Совершенно невозможно понять, что именно его интересует. Всё. „Врожденный запрет братоубийства“ (статья Конрада Лоренца). „Настоящее и будущее литературы“ (обзор за год). „Операция ГРИФ“ (как Скорцени пытался ликвидировать Эйзенхауэра в декабре 1944 года). „Осада „Уотергейт““ (скандал, из-за которого обвалился Никсон). „„Ад“ и „Рай“, затерянные в океане“ (о Галапагосских островах). „Поиски ответа на трудный вопрос“ (по поводу полового воспитания детей и подростков). „Капитуляция лейтенанта Оноды“ (история самурая, в одиночку продолжавшего воевать на Филиппинах аж до 1972 года). „Средний возраст — 900?“ (популярно о проблеме долгожительства). „Признания убийцы“ (откровения террориста Баруха Наделя, организовавшего убийство графа Бернадотта). „Толпа одиноких“ (о рокерах, блузон-нуарах и прочих таких же)…

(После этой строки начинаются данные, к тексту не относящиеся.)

Lemma dot_line_pt a r : dot (line_vec a) (pt_vec r) = tr (a * r).
Proof.
rewrite /dot /line_vec /pt_vec /c1 /c2 /c3 /= /tr !expr_qsq !exprMn; field.
by rewrite texp_neq0 t0.
Qed.

Lemma incident_line_pt a r : a != 0 -> r != 0 ->
  incident (line a) (pt r) = (tr (a * r) == 0).
Proof.
move=> a0 r0.
by rewrite incident_projl ?incident_projr ?line_vec_neq0 ?pt_vec_neq0 // incidentE dot_line_pt.
Qed.

Lemma pt_vec_scale s r : s ^+ q = s -> pt_vec (s * r) = scale s (pt_vec r).
Proof. by move=> sq; rewrite /pt_vec /scale /c1 /c2 /c3 /= !expr_qsq !exprMn !sq !mulrA. Qed.

Lemma eq_pt r r' : r != 0 -> r' != 0 -> (pt r' == pt r) = (r' ^+ q * r == r' * r ^+ q).
Proof.
move=> r0 r'0; apply/idP/idP.
  rewrite /pt !proj_c1 ?mulf_neq0 ?texp_neq0 // mk_eq => /and3P [_ e _].
  move: e; rewrite /= eqr_div ?mulf_neq0 ?texp_neq0 // !mulrA.
  by rewrite (inj_eq (mulIf (texp_neq0 _))) [r ^+ q * r']mulrC.
move=> /eqP e; have s0 : r' / r != 0 by rewrite mulf_neq0 ?invr_eq0.
have sq : (r' / r) ^+ q = r' / r.
  by rewrite exprMn exprVn; apply/eqP; rewrite eqr_div ?expf_neq0 // e.
by rewrite -{1}(divfK r0 r') /pt pt_vec_scale // proj_scale.
Qed.

Lemma pt_fibre r : r != 0 -> [set y in Fnz | pt y == pt r] = [set s * r | s in Fq :\ 0].
Proof.
move=> r0; apply/setP => y; rewrite !inE; apply/andP/imsetP => [[y0] | [s]].
  rewrite eq_pt // => /eqP e; exists (y / r); last by rewrite divfK.
  rewrite !inE mulf_neq0 ?invr_eq0 //= exprMn exprVn.
  by rewrite eqr_div ?expf_neq0 // e.
rewrite !inE => /andP [s0 /eqP sq] ->; have sr0 : s * r != 0 by rewrite mulf_neq0.
by rewrite eq_pt // exprMn sq mulrAC.
Qed.

Lemma card_pt_fibre r : r != 0 -> #|[set y in Fnz | pt y == pt r]| = q.-1.
Proof.
move=> r0; rewrite pt_fibre // card_imset; last exact: mulIf.
have := cardsD1 0 Fq; rewrite (card_tr_ker_fixed q_gt1 charq cardF).2 inE frob0 ?eqxx //.
by move=> cardFq; rewrite [in RHS]cardFq.
Qed.

Lemma card_Pi_line a : a != 0 -> #|[set P in Pi q t | incident (line a) P]| = q.+1.
Proof.
move=> a0; rewrite PiE sep_imset.
set KS := [set r in Fnz | incident (line a) (pt r)].
have fibres : #|KS| = (#|pt @: KS| * q.-1)%N.
  apply: card_uniform_fibres => x; rewrite !inE => /andP [x0 incx].
  rewrite -(card_pt_fibre x0); apply: eq_card => y; rewrite !inE.
  by have [->|] := eqVneq (pt y) (pt x); rewrite ?incx ?andbT ?andbF.
have cardKS : #|KS| = (q * q).-1.
  have -> : KS = [set y / a | y in Ktr :\ 0].
    apply/setP => r; rewrite !inE; apply/andP/imsetP => [[r0] | [y]].
      rewrite incident_line_pt // => ar0; exists (a * r); last by rewrite [a * r]mulrC mulfK.
      by rewrite !inE mulf_neq0.
    rewrite !inE => /andP [y0 try0] ->; have ya0 : y / a != 0 by rewrite mulf_neq0 ?invr_eq0.
    by rewrite ya0 incident_line_pt // mulrC divfK.
  rewrite card_imset; last by apply: mulIf; rewrite invr_eq0.
  have := cardsD1 0 Ktr; rewrite (card_tr_ker_fixed q_gt1 charq cardF).1 inE tr0 ?eqxx //.
  by move=> cardK; rewrite [in RHS]cardK.
have q1_gt0 : (0 < q.-1)%N by case: q q_gt1 => [|[]].
apply/eqP; rewrite -(eqn_pmul2r q1_gt0) -fibres cardKS; apply/eqP; lia.
Qed.

Lemma cross_pt_vec r1 r2 : cross (pt_vec r1) (pt_vec r2) =
  scale (t ^+ q.+2) (line_vec ((r1 * r2 ^+ q - r1 ^+ q * r2) ^+ q)).
Proof.
rewrite /cross /scale /line_vec /pt_vec /c1 /c2 /c3 /= !expr_qsq !(frobB charq) !exprMn.
rewrite !(frob3 cardF) !exprS; congr (_, _, _); field; by rewrite ?t0 ?texp_neq0.
Qed.

Lemma mem_lines_of_Pi l : l \in lines_of q (Pi q t) -> l \in line @: Fnz.
Proof.
rewrite inE => /andP [ptl /eqP cardl].
have /card_gt1P [P1 [P2 [P1l P2l]]] : (1 < #|[set P in Pi q t | incident l P]|)%N.
  by rewrite cardl ltnS ltnW.
move: P1l P2l; rewrite !inE PiE.
move=> /andP [/imsetP [r1 r10 ->] inc1] /andP [/imsetP [r2 r20 ->] inc2] pt12.
rewrite !inE in r10 r20.
have l0 : l != mk 0 0 0 by case/andP: ptl.
rewrite /pt !incident_projr ?pt_vec_neq0 // in inc1 inc2.
have := proj_join l0 inc1 inc2; rewrite cross_pt_vec.
set b := r1 * r2 ^+ q - r1 ^+ q * r2 => join.
have b0 : b != 0 by rewrite subr_eq0 eq_sym -eq_pt // eq_sym.
apply/imsetP; exists (b ^+ q); first by rewrite inE expf_neq0.
case/andP: ptl => _ /eqP <-; rewrite join ?proj_scale ?texp_neq0 //.
by rewrite scale_neq0 ?texp_neq0 ?line_vec_neq0 ?expf_neq0.
Qed.

Lemma lines_of_Pi : lines_of q (Pi q t) = line @: Fnz.
Proof.
apply/setP => l; apply/idP/idP; first exact: mem_lines_of_Pi.
case/imsetP => a; rewrite inE => a0 ->.
by rewrite inE is_pt_proj ?line_vec_neq0 //= card_Pi_line.
Qed.

Lemma Pr_Pi : Pr (Pi q t) = Sset q (t ^+ 2).
Proof.
rewrite /Pr PiE -imset_comp.
apply: (imset_reparam (phi := fun r => r / t) (psi := fun x => x * t)).
- by move=> r; rewrite !inE => r0; rewrite mulf_neq0 ?invr_eq0.
- by move=> x; rewrite !inE => x0; rewrite mulf_neq0.
- by move=> x _; rewrite /= mulfK.
move=> r; rewrite inE => r0 /=.
have [a a0 ->] : exists2 a, a != 0 & pt r = scale a (pt_vec r) by apply/proj_eq_scale/pt_vec_neq0.
rewrite cross_scaler cross_scalel proj_scale //.
(* (r t^(q+1), r^q, 0) = t^q ((r/t) t^2, (r/t)^q, 0) *)
rewrite -[RHS](proj_scale _ (texp_neq0 q)); congr proj.
rewrite /cross /scale /pt_vec /T /mT /c1 /c2 /c3 /= exprMn exprVn exprS.
by congr (_, _, _); field; rewrite ?t0 ?texp_neq0.
Qed.

Lemma Sp_Pi : Sp q (Pi q t) = Sset q (- t ^+ 2).
Proof.
rewrite /Sp lines_of_Pi -imset_comp.
apply: (imset_reparam (phi := fun a => (a * t)^-1) (psi := fun x => (x * t)^-1)).
- by move=> a; rewrite !inE => a0; rewrite invr_eq0 mulf_neq0.
- by move=> x; rewrite !inE => x0; rewrite invr_eq0 mulf_neq0.
- by move=> x _; rewrite /= [(x * t)^-1]invfM -mulrA mulVf // mulr1 invrK.
move=> a; rewrite inE => a0 /=.
(* (a^q, -a t^(-q-1), 0) = c (-x t^2, x^q, 0) for x = (a t)^(-1) and c = -a^(q+1)/t *)
have c0 : - a ^+ q.+1 / t != 0 by rewrite mulf_neq0 ?oppr_eq0 ?expf_neq0 ?invr_eq0.
rewrite /line proj_cross_projl ?line_vec_neq0 // -[RHS](proj_scale _ c0); congr proj.
rewrite /cross /scale /line_vec /mT /c1 /c2 /c3 /= exprVn exprMn !exprS.
by congr (_, _, _); field; rewrite ?t0 ?a0 ?texp_neq0 ?expf_neq0.
Qed.

End PiTheta.

Lemma prime_power_gt1 q : prime_power q -> (1 < q)%N.
Proof. by move=> [p [k [p_pr [k0 ->]]]]; rewrite -(expn0 p) ltn_exp2l ?prime_gt1. Qed.

Lemma pchar_nat_card_pow (F : finFieldType) q n :
  prime_power q -> #|F| = (q ^ n)%N -> [pchar F].-nat q.
Proof.
move=> [p [k [p_pr [_ qE]]]] cardF; rewrite qE.
have pF : p \in [pchar F] by apply: (card_finPcharP (n := (k * n)%N)); rewrite // cardF qE expnM.
by rewrite (eq_pnat _ (pcharf_eq pF)) pnatX pnat_id.
Qed.

Theorem theorem5p1 (q : nat) (F : finFieldType) (th : F) :
  prime_power q -> #|F| = (q ^ 3)%N -> th != 0 ->
  Pr (Pi q th) = Sset q (th ^+ 2) /\ Sp q (Pi q th) = Sset q (- th ^+ 2).
Proof.
move=> qpp cardF th0.
have q_gt1 := prime_power_gt1 qpp.
have charq := pchar_nat_card_pow qpp cardF.
by split; [apply: Pr_Pi | apply: Sp_Pi].
Qed.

Но прежде всего — статистика. Самая разнообразная. „Удельный вес военных расходов в ВНП США“. „Текучесть кадров: причины и предупреждение“. „О проблеме рождаемости и демографическом неведении“. „Интеллект ученых Кембриджа“: „Поколение 2000 года“. „Продуктивные районы океана“…

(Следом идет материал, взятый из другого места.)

Lemma cycle_locally_irregularP S :
  reflect (forall i, cycle_kept S i ->
             cycle_kept S (i + n.-1) != cycle_kept S i.+1)
          (locally_irregularb (adj_minus (cycle_adj n) S)).
Proof.
have n_gt0 : 0 < n by lia.
apply: (iffP forallP) => [irr i ki | paired x].
  have /forallP/(_ (Ordinal (ltn_pmod i.+1 n_gt0)))/implyP :=
    irr (Ordinal (ltn_pmod i n_gt0)).
  rewrite cycle_adj_minusE !cycle_deg /=.
  have -> : i.+1 == (i %% n).+1 %[mod n] by rewrite -[(i %% n).+1]addn1 modnDml addn1.
  rewrite !cycle_kept_modnDl cycle_kept_succ_pred !cycle_kept_modn ki orbT.
  move=> /(_ isT).
  by case: (cycle_kept S (i + n.-1)); case: (cycle_kept S i.+1).
apply/forallP => y; apply/implyP; rewrite cycle_adj_minusE !cycle_deg.
case/orP => /andP[/eqP -> ky]; have := paired _ ky.
  rewrite cycle_kept_modnDl cycle_kept_modn -addSn cycle_kept_succ_pred ky.
  by case: (cycle_kept S x); case: (cycle_kept S (x + n.-1 + n.-1)).
rewrite cycle_kept_modnDl cycle_kept_succ_pred cycle_kept_modn ky.
by case: (cycle_kept S (x + n.-1)); case: (cycle_kept S x.+1).
Qed.

Lemma cycle_edge_setE X :
  X \in edge_set (cycle_adj n) -> exists2 i, i < n & X = cycle_edge i.
Proof.
case/imset2P => x y _; rewrite inE /cycle_adj => /orP[] /eqP yx ->.
  by exists x => //; apply: cycle_edgeE.
by exists y => //; rewrite setUC; apply: cycle_edgeE.
Qed.

Lemma cycle_edge_in i : i < n -> cycle_edge i \in edge_set (cycle_adj n).
Proof.
move=> i_lt; have i1n : i.+1 %% n < n by rewrite ltn_mod; lia.
apply/imset2P; exists (Ordinal i_lt) (Ordinal i1n); rewrite ?inE /cycle_adj ?eqxx //.
by rewrite (@cycle_edgeE (Ordinal i_lt) (Ordinal i1n)).
Qed.

Lemma cycle_edge_inj : {in [pred i | i < n] &, injective cycle_edge}.
Proof.
move=> i j; rewrite !inE => i_lt j_lt /setP eij.
have i1n : i.+1 %% n < n by rewrite ltn_mod; lia.
have := eij (Ordinal i_lt); have := eij (Ordinal i1n); rewrite !inE /= !eqxx ?orbT.
rewrite (modn_small i_lt) (modn_small j_lt) (modn_succ_ord i_lt) (modn_succ_ord j_lt).
do 2 case: ifP; lia.
Qed.

Lemma card_cycle_irregulator (S : {set {set 'I_n}}) :
  S \subset edge_set (cycle_adj n) ->
  #|S| = n - \sum_(0 <= i < n) cycle_kept S i.
Proof.
move=> sub.
by rewrite (card_edge_subset cycle_edge_setE cycle_edge_inj sub) big_mkord.
Qed.

Lemma cycle_kept_pattern i :
  cycle_kept (removed_edges n cycle_edge (fun i => kept_pattern n i.+1)) i =
  kept_pattern n (i %% n).+1.
Proof.
rewrite -cycle_kept_modn /cycle_kept (notin_removed_edges cycle_edge_inj) //.
by rewrite ltn_mod; lia.
Qed.

Lemma cycle_Ie_le : Ie (cycle_adj n) <= n - 2 * (n %/ 3).
Proof.
have n_gt0 : 0 < n by lia.
pose S := removed_edges n cycle_edge (fun i => kept_pattern n i.+1).
have sub : S \subset edge_set (cycle_adj n) by exact/removed_edges_sub/cycle_edge_in.
have -> : 2 * (n %/ 3) = \sum_(0 <= i < n) cycle_kept S i.
  rewrite -sum_kept_pattern_succ; apply: eq_big_nat => i /andP[_ i_lt].
  by rewrite cycle_kept_pattern modn_small.
rewrite -card_cycle_irregulator //; apply: Ie_le_card sub _.
apply/cycle_locally_irregularP => i; rewrite !cycle_kept_pattern.
have -> : (i + n.-1) %% n = (i %% n + n.-1) %% n by rewrite modnDml.
have -> : i.+1 %% n = (i %% n).+1 %% n by rewrite -[(i %% n).+1]addn1 modnDml addn1.
have := ltn_pmod i n_gt0; move: (i %% n) => x x_lt.
rewrite modn_pred_ord // modn_succ_ord //.
by do 2 case: ifP; rewrite /kept_pattern; lia.
Qed.

Lemma cycle_Ie_ge : n - 2 * (n %/ 3) <= Ie (cycle_adj n).
Proof.
apply: Ie_ge => S sub /cycle_locally_irregularP paired.
rewrite card_cycle_irregulator // leq_sub2l //.
have [j nkj] : exists j, ~~ cycle_kept S j.
  have : ~~ [&& cycle_kept S 0, cycle_kept S n.-1 & cycle_kept S 1].
    by apply/and3P => -[k0 k1 k2]; have := paired 0 k0; rewrite add0n k1 k2.
  by rewrite !negb_and => /or3P[]; eexists; eassumption.
have per i : nat_of_bool (cycle_kept S (i + n)) = cycle_kept S i.
  by rewrite cycle_kept_addn.
rewrite -(sum_periodic_shift j per).
apply: sum_paired_le => [||i /andP[i_gt0 _] ki]; rewrite ?addn0 ?cycle_kept_addn //.
have := paired _ ki.
have -> : j + i + n.-1 = (j + i.-1).+1 + n.-1 by lia.
by rewrite cycle_kept_succ_pred addnS.
Qed.

End Cycle.

Lemma cycle_Ie n : 3 <= n -> Ie (cycle_adj n) = n - 2 * (n %/ 3).
Proof. by move=> n_ge3; apply/eqP; rewrite eqn_leq cycle_Ie_le // cycle_Ie_ge. Qed.

Theorem theorem4 :
  (forall n : nat, 2 <= n ->
     [/\ n %% 3 = 1 -> Ie (path_adj n) = (n - 1) %/ 3,
         n %% 3 = 2 -> Ie (path_adj n) = ceil_div (n - 1) 3
       & n %% 3 = 0 -> Ie (path_adj n) = (n - 1) %/ 3]) /\
  (forall n : nat, 3 <= n -> Ie (cycle_adj n) = Ie (path_adj n) + 1).
Proof.
split=> [n _ | n n_ge3]; first by rewrite path_Ie /ceil_div; split; lia.
by rewrite cycle_Ie // path_Ie; lia.
Qed.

Вырезки распихиваются по папкам, тесемочки завязываются, разрезанные и помятые листы швыряются в корзину. Не могу вспомнить ни одного случая, ни единого, чтобы он хоть как-нибудь воспользовался всеми этими сведениями. Он никакой не эрудит, памяти у него совсем нет или он ею ленится пользоваться. Память его — это я. Для того меня и держат, дабы помнил все, что вдруг и зачем-то понадобилось. Только нечасто, ох, как редко, возникает во мне такая нужда. Обычно же меня используют не как банк данных, а как самую обыкновенную записную книжку. „Когда я должен встретиться с этим кретином из „Дейли Ньюс“?..“, „Я хочу видеть Маришу, свяжитесь с ней и назначьте на среду, на пятнадцать тире шестнадцать…“, „Мы забыли ответить Институту прикладной астрономии? Забыли. Очень мило. Набросайте текст с вежливым отказом, я подпишу…“ С тем же успехом он мог бы завести себе перекидной календарь. Это обошлось бы ему гораздо дешевле. Но тут, я полагаю, все дело в том, что помыкать перекидным календарем неинтересно, да, пожалуй, и вовсе невозможно.
Кроме газет и журналов, он не читает ничего. Он давно уже и глубоко погрузился в тот возраст, когда беллетристику не читают совсем, и вообще читают мало, а если уж читают, то литературу, так сказать, „фактическую“ — словари, энциклопедии, исторические опусы или самые неожиданные учебники.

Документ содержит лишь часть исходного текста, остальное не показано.